Pride Mahlangu, Business Reporter
TANNERS and leather manufacturers have said their operations are being crippled by price instability, which has seen the sector incurring high operational costs with subdued earnings.
Tanners Footwear and Leather Goods Manufacturers Association of Zimbabwe (TAFLAZ) deputy chairperson, Mr Stuart Simali, said the price inconsistencies were chewing into manufacturers’ earnings while enriching retailers who have a leeway to keep changing their prices.
“In this inflationary environment it’s so difficult to operate especially for us as manufacturers. When retailers come and order finished products from us, they pay us maybe in 15 or 30 days after.
“When inflation rises, they can easily increase their prices because they already have the stock in their shelves, but I have sold the shoes already and how do I change my price thereafter,” said Mr Simali.
“As an industry we are hard hit because we supply in bulk, once the shoes are gone they are gone there is no way I can go to the retailers and say can I change the price now that the price of everything have changed. So, that’s eating on our working capital, it is eating on our planning. I don’t know how the Government can stop the currency instability so that as an industry we can play our part.”
TAFLAZ chairperson, Mr Arnold Britten, concurred saying the incessant price changes were also affecting the way they cushion workers from the economic hardships.
“Our employees are faced by the hardships. As an industry we have to look after our employees but our ability to look after them only reaches a certain level. As Mr Simali says, you have sold your product but then the economy changes but I need to cushion my workforce,” he said.
“As a company and industry, we haven’t been compensated for that extra incentive we have given our workers. So, the burden falls on the company to try and balance the two equations.”

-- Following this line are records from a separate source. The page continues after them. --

(* Let $n\ge2$ and consider admissible 4-tuples $(\sigma_0,\sigma_\infty,\sigma_1,\tau)\in S_{2n}^4$. If such a tuple is special and $\sigma_1$ and $\tau$ have disjoint supports, then $\sigma_0=\prod_{i=1}^{n}(i,\,2n+1-i)$, $\sigma_1\tau=\prod_{i=1}^{n-1}(i,\,2n-i)$, and $\tau$ is one of the $n-1$ transpositions $(i,2n-i)$, $1\le i\le n-1$ (each choice giving a special tuple). Two distinct such special tuples are conjugate if and only if they are exchanged by conjugation by $\sigma_\infty^n$; such a conjugation fixes the tuple only when $n$ is even and $\tau=(n/2,\,3n/2)$. Consequently the number of conjugacy classes of admissible 4-tuples with $\sigma_1$ and $\tau$ disjoint is $\lfloor n/2\rfloor$.
   Context: Permutation products are read left to right ($\sigma\sigma'$: first $\sigma$, then $\sigma'$). An admissible 4-tuple (the case $\deg D=4$ with maximal branching, i.e. $A^2$ branched over $0,1,\infty$ and exactly one further point, $\deg A=n$) is $(\sigma_0,\sigma_\infty,\sigma_1,\tau)\in S_{2n}^4$ with $\sigma_0$ a product of $n$ disjoint transpositions, $\sigma_\infty$ a $2n$-cycle, $\sigma_1$ a product of $n-2$ disjoint transpositions, $\tau$ a transposition, and $\sigma_0\sigma_\infty\sigma_1\tau=\mathrm{id}$. Tuples $\Sigma,\Sigma'$ are conjugate if $\Sigma'=\gamma^{-1}\Sigma\gamma$ componentwise for some $\gamma\in S_{2n}$. A tuple is special if $\sigma_\infty=(2n,2n-1,\dots,1)$ (the cycle $2n\mapsto2n-1\mapsto\dots\mapsto1\mapsto2n$) and $\sigma_1(2n)=\tau(2n)=2n$; every conjugacy class contains special tuples. *)

(* Points 1..2n of the paper are the ordinals 0..2n-1 of 'I_(2*n)
   (paper label j <-> ordinal j-1).  MathComp's permutation product is read left
   to right ((s * t) x = t (s x), lemma permM), as in the paper, and
   conjugation x ^ g = g^-1 * x * g. *)
From mathcomp Require Import all_boot all_fingroup.
Set Implicit Arguments. Unset Strict Implicit. Unset Printing Implicit Defensive.
Local Open Scope group_scope.

Definition lab (m i : nat) : option 'I_m := insub i.-1.

(* the transposition (i, j) of paper labels (identity if a label is out of range) *)
Definition tpn (m i j : nat) : 'S_m :=
  match lab m i, lab m j with Some a, Some b => tperm a b | _, _ => 1 end.

Definition is_transp m (s : 'S_m) : bool :=
  [exists a : 'I_m, exists b : 'I_m, (a != b) && (s == tperm a b)].

Definition is_prod_disj_transp m (k : nat) (s : 'S_m) : bool :=
  [exists ab : k.-tuple ('I_m * 'I_m),
     uniq (flatten [seq [:: p.1; p.2] | p <- ab]) &&
     (s == \prod_(p <- ab) tperm p.1 p.2)].

Definition is_cycle m (k : nat) (s : 'S_m) : bool :=
  [exists x, (#|porbit s x| == k) && [forall y, (y \notin porbit s x) ==> (s y == y)]].

Definition psupp m (s : 'S_m) : {set 'I_m} := [set x | s x != x].

Definition tuple4 (m : nat) := ('S_m * 'S_m * 'S_m * 'S_m)%type.
Definition sig0 m (S : tuple4 m) : 'S_m := S.1.1.1.
Definition siginf m (S : tuple4 m) : 'S_m := S.1.1.2.
Definition sig1 m (S : tuple4 m) : 'S_m := S.1.2.
Definition tau m (S : tuple4 m) : 'S_m := S.2.

Definition admissible (n : nat) (S : tuple4 (2 * n)) : bool :=
  [&& is_prod_disj_transp n (sig0 S), is_cycle (2 * n) (siginf S),
      is_prod_disj_transp (n - 2) (sig1 S), is_transp (tau S) &
      sig0 S * siginf S * sig1 S * tau S == 1].

(* the 2n-cycle 2n -> 2n-1 -> ... -> 1 -> 2n, i.e. x |-> x - 1 mod 2n on ordinals *)
Definition sigma_inf (n : nat) : 'S_(2 * n) := perm (@ord_pred_inj (2 * n)).

Definition special (n : nat) (S : tuple4 (2 * n)) : bool :=
  [&& siginf S == sigma_inf n,
      [forall x : 'I_(2 * n), (val x == (2 * n).-1) ==> (sig1 S x == x)] &
      [forall x : 'I_(2 * n), (val x == (2 * n).-1) ==> (tau S x == x)]].

Definition disj1t m (S : tuple4 m) : bool := [disjoint psupp (sig1 S) & psupp (tau S)].

Definition conj4 m (S : tuple4 m) (g : 'S_m) : tuple4 m :=
  (sig0 S ^ g, siginf S ^ g, sig1 S ^ g, tau S ^ g).

Definition conjugate4 m (S S' : tuple4 m) : bool := [exists g, S' == conj4 S g].

Definition conj_class m (S : tuple4 m) : {set tuple4 m} := [set S' | conjugate4 S S'].

From mathcomp Require Import all_boot all_fingroup zify.
Set Implicit Arguments. Unset Strict Implicit. Unset Printing Implicit Defensive.
Local Open Scope group_scope.

(* Write rho = sigma_1 tau.  As sigma_1 and tau are involutions with disjoint
   supports, rho is an involution, and the product relation with the standard
   cycle sigma_inf = (x |-> x - 1) gives sigma_0 x = rho x + 1.  Since sigma_0
   is an involution as well, rho (x + 1) = rho x - 1: rho is a reflection of
   Z/2n, and as it fixes the last point it is x |-> -2 - x, whence
   sigma_0 = (x |-> -1 - x).  The transposition tau, whose support sigma_1
   fixes, is a 2-cycle (a, rho a) of rho, so these tuples are indexed by
   i in [1, n-1].  A permutation conjugating one of them into another one
   centralises sigma_inf and rho, so it is a rotation permuting the two fixed
   points of rho: the identity or sigma_inf^n, which exchanges i and n - i.
   Finally, every admissible tuple with sigma_1 and tau disjoint is conjugate
   to a special one: relabel sigma_inf into the standard cycle, then rotate a
   common fixed point of sigma_1 and tau to the last point.  This leaves the
   classes of the tuples with i <= n/2. *)

(** * The cyclic structure of ['I_m] *)

Lemma ordS_val m (x : 'I_m) : (ordS x : nat) = if x.+1 == m then 0 else x.+1.
Proof.
rewrite /=; case: eqP => [->|neq]; first by rewrite modnn.
by rewrite modn_small //; have := ltn_ord x; lia.
Qed.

Mr Britten also said the industry was facing various challenges such as increased cost of production, which makes their products expensive as they need more support.
He said lack of foreign currency in the whole value chain was compromising quality production.
“We need support with access to foreign currency to help us import the raw materials we need because the cost of foreign currency is very expensive and that is what is killing our cost of production, that’s the main issue,” he said.
“The second one is that we need steady supply of power because this start-stop production mode is not very good as we can’t plan our production. Today we have power, tomorrow we don’t have power but I am still paying employees and all the overheads but I am not producing.”
Mr Simali said disruption of production due to power cuts has increased their costs of doing business and made the price of their products higher compared to peers in the region when they export.
“I think it’s important for us to support local products. It is important for Zimbabweans to buy local products.
“I know we rely a lot on importing from South Africa and China but the only way we are going to grow our leather industry is when people support our local manufacturers,” he said.
TAFLAZ is part of Zimbabwe Leather Development Council, which is tasked with the development of the leather value chain and is in the process of developing the leather recovery strategy.
Last year tanners and leather manufacturers brought US$37 million into the country through exports. The industry has the ability to bring more foreign currency to the country if it gets the support it needs.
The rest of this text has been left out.